─── EXCERPTED RECORDS
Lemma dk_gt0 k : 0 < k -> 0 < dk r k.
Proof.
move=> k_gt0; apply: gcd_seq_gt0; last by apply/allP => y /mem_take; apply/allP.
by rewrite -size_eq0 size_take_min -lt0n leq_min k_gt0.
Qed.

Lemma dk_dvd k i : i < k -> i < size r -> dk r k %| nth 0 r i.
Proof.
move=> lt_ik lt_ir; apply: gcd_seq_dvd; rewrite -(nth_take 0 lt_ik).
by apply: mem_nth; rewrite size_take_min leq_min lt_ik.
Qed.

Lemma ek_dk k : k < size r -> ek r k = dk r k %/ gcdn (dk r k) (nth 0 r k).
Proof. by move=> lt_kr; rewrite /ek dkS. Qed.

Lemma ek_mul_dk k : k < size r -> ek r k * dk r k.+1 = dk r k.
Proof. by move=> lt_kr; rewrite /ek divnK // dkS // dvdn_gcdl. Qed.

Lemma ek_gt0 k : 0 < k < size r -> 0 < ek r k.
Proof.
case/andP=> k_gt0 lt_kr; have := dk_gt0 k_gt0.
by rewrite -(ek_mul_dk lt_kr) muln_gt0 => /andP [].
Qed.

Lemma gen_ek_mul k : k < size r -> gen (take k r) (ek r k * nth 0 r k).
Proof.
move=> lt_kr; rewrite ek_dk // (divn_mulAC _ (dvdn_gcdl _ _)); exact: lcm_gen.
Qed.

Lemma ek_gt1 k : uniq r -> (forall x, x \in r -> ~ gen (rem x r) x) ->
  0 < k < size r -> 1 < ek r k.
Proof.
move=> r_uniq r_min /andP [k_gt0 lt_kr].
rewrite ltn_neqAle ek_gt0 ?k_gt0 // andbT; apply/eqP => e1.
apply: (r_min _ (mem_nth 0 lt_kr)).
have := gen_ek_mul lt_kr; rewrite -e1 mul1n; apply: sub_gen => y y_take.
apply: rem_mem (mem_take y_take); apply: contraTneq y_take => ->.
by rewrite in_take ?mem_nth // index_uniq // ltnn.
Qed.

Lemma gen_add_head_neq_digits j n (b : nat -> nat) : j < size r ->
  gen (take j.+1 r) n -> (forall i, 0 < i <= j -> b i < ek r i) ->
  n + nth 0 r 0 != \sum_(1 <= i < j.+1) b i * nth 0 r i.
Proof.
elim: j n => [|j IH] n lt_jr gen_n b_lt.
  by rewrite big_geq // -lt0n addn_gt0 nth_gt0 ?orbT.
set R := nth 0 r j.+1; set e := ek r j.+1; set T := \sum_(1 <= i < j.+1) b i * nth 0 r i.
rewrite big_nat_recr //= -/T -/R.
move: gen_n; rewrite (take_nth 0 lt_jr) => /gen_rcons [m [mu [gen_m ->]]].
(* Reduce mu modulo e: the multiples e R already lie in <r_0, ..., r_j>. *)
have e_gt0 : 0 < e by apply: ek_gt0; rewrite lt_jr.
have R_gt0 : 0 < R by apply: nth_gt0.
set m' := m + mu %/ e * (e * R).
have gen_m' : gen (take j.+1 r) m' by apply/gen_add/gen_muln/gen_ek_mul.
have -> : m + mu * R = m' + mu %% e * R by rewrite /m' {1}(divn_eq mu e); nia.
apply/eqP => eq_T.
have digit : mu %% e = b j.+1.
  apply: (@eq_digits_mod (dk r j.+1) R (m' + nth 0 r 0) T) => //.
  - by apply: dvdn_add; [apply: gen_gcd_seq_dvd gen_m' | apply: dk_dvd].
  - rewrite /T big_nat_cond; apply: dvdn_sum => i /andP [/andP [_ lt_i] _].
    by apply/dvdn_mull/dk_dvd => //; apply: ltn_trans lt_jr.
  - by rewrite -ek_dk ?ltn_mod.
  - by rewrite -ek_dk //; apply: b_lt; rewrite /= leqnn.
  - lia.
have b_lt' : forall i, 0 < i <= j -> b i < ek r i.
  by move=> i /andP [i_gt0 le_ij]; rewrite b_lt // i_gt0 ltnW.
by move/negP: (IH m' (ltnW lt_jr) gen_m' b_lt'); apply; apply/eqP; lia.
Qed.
──────
─── EXCERPTED RECORDS
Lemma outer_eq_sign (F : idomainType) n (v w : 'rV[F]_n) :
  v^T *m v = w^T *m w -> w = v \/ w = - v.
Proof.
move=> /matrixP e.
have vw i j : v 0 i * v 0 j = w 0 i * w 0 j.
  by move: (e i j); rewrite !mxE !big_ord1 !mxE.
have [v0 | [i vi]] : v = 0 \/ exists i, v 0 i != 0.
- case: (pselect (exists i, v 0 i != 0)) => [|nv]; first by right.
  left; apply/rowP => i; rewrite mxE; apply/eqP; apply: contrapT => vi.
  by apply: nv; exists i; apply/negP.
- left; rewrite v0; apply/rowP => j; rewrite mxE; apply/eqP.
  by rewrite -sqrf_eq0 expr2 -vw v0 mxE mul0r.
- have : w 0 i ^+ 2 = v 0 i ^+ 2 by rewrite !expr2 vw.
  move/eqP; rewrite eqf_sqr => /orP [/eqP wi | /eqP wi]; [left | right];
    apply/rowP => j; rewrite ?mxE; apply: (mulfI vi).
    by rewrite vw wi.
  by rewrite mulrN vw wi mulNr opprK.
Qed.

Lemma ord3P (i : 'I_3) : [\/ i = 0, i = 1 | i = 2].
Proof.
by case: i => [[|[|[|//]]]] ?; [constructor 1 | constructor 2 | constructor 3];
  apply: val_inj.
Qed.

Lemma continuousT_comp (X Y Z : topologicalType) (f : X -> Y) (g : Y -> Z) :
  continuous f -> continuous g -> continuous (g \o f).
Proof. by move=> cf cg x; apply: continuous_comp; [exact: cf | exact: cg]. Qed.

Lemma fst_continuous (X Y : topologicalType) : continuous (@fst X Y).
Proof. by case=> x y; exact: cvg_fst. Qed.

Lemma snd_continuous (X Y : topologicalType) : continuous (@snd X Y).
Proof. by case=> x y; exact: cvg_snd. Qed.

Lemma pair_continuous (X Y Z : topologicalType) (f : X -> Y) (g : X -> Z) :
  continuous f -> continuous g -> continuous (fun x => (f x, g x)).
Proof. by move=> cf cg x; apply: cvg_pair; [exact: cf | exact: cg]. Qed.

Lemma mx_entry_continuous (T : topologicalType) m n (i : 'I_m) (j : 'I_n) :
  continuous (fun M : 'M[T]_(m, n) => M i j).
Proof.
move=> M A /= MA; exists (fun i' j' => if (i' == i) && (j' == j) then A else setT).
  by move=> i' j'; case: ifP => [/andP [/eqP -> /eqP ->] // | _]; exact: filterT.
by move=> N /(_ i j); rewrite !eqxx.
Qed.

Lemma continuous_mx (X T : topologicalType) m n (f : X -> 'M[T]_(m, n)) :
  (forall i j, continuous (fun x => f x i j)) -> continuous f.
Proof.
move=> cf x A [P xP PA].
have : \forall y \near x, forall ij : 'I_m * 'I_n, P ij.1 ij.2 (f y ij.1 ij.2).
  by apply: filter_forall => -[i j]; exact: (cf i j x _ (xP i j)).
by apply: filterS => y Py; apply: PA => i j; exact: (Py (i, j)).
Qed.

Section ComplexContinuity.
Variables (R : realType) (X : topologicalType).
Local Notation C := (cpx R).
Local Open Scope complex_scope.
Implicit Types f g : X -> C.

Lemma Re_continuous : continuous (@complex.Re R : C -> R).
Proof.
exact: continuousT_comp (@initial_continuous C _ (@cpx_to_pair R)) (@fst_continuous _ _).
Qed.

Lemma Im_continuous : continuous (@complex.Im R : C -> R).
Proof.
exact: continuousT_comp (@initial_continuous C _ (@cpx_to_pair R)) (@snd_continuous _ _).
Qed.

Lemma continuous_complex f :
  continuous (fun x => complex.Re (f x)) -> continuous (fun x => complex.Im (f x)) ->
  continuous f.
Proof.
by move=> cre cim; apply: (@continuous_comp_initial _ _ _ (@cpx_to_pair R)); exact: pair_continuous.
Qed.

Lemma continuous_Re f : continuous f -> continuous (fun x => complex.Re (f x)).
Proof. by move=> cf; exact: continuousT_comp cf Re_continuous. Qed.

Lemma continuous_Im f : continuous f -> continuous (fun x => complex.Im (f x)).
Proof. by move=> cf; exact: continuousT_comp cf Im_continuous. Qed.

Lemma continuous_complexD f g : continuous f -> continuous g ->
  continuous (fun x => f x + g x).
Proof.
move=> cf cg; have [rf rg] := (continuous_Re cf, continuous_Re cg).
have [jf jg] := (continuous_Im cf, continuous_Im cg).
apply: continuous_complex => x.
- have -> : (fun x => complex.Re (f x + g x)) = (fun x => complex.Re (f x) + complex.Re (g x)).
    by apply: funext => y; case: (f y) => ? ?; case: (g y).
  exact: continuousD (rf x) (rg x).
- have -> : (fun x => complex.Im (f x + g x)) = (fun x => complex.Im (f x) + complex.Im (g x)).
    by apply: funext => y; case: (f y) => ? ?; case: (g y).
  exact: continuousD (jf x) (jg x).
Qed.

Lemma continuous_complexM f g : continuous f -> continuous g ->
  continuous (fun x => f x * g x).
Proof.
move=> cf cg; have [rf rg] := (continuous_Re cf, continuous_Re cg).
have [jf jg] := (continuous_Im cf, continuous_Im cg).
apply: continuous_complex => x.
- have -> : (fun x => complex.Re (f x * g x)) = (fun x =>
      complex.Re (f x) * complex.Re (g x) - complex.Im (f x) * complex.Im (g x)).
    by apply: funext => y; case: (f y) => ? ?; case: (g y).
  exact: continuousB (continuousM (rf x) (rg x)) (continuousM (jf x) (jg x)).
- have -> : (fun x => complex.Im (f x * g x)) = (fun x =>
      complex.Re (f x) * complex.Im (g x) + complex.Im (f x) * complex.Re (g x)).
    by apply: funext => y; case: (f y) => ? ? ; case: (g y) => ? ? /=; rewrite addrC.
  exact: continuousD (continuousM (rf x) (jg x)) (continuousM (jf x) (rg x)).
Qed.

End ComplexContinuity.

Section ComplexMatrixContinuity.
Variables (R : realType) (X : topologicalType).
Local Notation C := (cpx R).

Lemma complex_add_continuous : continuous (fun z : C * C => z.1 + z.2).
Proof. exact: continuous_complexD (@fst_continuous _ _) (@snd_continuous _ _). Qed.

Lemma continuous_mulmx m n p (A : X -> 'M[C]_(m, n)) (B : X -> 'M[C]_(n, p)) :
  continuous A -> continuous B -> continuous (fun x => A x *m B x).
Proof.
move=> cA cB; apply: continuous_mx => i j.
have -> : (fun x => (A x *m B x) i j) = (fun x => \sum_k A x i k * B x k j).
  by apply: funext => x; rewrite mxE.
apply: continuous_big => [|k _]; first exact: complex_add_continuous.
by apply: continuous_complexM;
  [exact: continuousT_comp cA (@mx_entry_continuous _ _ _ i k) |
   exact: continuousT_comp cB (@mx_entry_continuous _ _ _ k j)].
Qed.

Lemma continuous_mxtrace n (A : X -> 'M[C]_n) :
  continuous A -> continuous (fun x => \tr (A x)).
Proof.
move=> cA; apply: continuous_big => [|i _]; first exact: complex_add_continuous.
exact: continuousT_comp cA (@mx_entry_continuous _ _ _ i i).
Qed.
──────
Among the records above, a stretch begins at the line containing "- have -> : (fun x => complex.Im (f x *" and ends at the line containing "apply: continuous_big => [|k". Restate that stretch word for word, and nothing else.

- have -> : (fun x => complex.Im (f x * g x)) = (fun x =>
      complex.Re (f x) * complex.Im (g x) + complex.Im (f x) * complex.Re (g x)).
    by apply: funext => y; case: (f y) => ? ? ; case: (g y) => ? ? /=; rewrite addrC.
  exact: continuousD (continuousM (rf x) (jg x)) (continuousM (jf x) (rg x)).
Qed.

End ComplexContinuity.

Section ComplexMatrixContinuity.
Variables (R : realType) (X : topologicalType).
Local Notation C := (cpx R).

Lemma complex_add_continuous : continuous (fun z : C * C => z.1 + z.2).
Proof. exact: continuous_complexD (@fst_continuous _ _) (@snd_continuous _ _). Qed.

Lemma continuous_mulmx m n p (A : X -> 'M[C]_(m, n)) (B : X -> 'M[C]_(n, p)) :
  continuous A -> continuous B -> continuous (fun x => A x *m B x).
Proof.
move=> cA cB; apply: continuous_mx => i j.
have -> : (fun x => (A x *m B x) i j) = (fun x => \sum_k A x i k * B x k j).
  by apply: funext => x; rewrite mxE.
apply: continuous_big => [|k _]; first exact: complex_add_continuous.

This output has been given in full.